(Study material Opens)

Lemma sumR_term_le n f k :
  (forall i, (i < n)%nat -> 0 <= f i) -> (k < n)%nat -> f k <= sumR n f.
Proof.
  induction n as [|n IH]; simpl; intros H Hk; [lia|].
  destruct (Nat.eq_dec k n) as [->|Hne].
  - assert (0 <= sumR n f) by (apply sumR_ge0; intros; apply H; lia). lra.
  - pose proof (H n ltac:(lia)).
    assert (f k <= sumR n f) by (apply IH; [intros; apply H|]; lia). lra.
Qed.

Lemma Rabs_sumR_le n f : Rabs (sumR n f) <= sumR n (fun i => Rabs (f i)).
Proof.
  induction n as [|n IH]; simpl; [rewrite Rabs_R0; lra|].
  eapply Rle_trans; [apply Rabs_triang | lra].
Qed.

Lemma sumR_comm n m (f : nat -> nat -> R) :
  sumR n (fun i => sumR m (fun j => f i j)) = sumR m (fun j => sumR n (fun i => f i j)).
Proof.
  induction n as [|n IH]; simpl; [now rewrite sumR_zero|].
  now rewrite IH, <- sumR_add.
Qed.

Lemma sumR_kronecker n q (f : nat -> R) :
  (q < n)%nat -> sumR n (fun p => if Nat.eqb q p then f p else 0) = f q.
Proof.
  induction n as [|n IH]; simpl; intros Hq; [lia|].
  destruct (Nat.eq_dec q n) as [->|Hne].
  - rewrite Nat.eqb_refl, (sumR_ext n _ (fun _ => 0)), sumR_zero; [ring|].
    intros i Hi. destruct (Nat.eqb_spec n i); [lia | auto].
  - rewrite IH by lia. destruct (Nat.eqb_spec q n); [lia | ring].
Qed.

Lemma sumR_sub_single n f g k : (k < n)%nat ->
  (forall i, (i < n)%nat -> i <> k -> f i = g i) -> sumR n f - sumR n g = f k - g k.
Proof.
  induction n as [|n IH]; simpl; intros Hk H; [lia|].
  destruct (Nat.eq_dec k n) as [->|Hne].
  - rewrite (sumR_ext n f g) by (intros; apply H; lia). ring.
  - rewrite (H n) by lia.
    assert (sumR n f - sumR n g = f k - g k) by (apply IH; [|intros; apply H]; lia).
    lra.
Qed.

(Study material Closes)
(Study material Opens)

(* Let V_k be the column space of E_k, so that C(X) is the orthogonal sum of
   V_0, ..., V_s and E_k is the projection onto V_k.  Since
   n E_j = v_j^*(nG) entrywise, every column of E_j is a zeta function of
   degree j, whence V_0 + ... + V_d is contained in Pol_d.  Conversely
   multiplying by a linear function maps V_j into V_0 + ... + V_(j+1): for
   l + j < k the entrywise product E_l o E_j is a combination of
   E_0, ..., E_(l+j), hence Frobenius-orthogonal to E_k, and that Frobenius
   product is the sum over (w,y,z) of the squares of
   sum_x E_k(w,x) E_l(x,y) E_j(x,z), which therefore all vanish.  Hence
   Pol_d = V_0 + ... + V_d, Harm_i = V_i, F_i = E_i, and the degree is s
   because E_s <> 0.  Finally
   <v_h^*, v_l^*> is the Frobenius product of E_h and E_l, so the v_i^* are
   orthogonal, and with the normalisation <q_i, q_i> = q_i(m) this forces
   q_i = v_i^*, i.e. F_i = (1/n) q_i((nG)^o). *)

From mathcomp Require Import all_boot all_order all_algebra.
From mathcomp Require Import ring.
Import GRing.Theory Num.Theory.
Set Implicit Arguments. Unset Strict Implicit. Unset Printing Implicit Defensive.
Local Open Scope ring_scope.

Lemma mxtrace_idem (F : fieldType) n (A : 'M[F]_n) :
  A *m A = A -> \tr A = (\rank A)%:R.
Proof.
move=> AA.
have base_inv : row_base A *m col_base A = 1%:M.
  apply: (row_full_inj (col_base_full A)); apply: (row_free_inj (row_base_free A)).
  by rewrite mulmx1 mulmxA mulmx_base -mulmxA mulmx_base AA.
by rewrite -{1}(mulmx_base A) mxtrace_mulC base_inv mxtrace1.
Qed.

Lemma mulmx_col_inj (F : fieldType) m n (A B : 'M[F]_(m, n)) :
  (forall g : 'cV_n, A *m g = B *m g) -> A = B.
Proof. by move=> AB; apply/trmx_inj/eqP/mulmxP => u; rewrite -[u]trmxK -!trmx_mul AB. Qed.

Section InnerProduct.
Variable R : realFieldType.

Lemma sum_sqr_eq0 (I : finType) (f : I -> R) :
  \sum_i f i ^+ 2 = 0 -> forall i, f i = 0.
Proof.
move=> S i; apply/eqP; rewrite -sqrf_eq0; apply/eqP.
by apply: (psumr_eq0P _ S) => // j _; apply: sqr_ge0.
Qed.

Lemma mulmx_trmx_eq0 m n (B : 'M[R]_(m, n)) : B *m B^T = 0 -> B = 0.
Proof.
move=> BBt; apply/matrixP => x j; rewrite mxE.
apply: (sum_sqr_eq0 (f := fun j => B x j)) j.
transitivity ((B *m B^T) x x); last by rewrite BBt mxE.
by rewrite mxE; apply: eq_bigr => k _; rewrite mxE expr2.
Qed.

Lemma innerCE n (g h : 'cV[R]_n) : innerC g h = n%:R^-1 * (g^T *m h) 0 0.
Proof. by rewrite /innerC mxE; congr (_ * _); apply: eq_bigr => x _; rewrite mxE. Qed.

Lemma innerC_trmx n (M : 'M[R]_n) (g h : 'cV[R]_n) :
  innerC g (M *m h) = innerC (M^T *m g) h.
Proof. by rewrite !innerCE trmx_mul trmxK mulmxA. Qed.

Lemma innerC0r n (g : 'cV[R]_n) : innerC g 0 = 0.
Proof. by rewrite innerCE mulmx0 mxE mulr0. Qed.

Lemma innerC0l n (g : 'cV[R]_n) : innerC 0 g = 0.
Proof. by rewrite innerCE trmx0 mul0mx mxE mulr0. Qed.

(Study material Closes)

=== Problem details ===
Which lines run from the one holding "move=> S i;" through the one holding "Lemma innerC0l n" in the records above? Repeat them exactly, both included, and nothing more.

=== Response ===
move=> S i; apply/eqP; rewrite -sqrf_eq0; apply/eqP.
by apply: (psumr_eq0P _ S) => // j _; apply: sqr_ge0.
Qed.

Lemma mulmx_trmx_eq0 m n (B : 'M[R]_(m, n)) : B *m B^T = 0 -> B = 0.
Proof.
move=> BBt; apply/matrixP => x j; rewrite mxE.
apply: (sum_sqr_eq0 (f := fun j => B x j)) j.
transitivity ((B *m B^T) x x); last by rewrite BBt mxE.
by rewrite mxE; apply: eq_bigr => k _; rewrite mxE expr2.
Qed.

Lemma innerCE n (g h : 'cV[R]_n) : innerC g h = n%:R^-1 * (g^T *m h) 0 0.
Proof. by rewrite /innerC mxE; congr (_ * _); apply: eq_bigr => x _; rewrite mxE. Qed.

Lemma innerC_trmx n (M : 'M[R]_n) (g h : 'cV[R]_n) :
  innerC g (M *m h) = innerC (M^T *m g) h.
Proof. by rewrite !innerCE trmx_mul trmxK mulmxA. Qed.

Lemma innerC0r n (g : 'cV[R]_n) : innerC g 0 = 0.
Proof. by rewrite innerCE mulmx0 mxE mulr0. Qed.

Lemma innerC0l n (g : 'cV[R]_n) : innerC 0 g = 0.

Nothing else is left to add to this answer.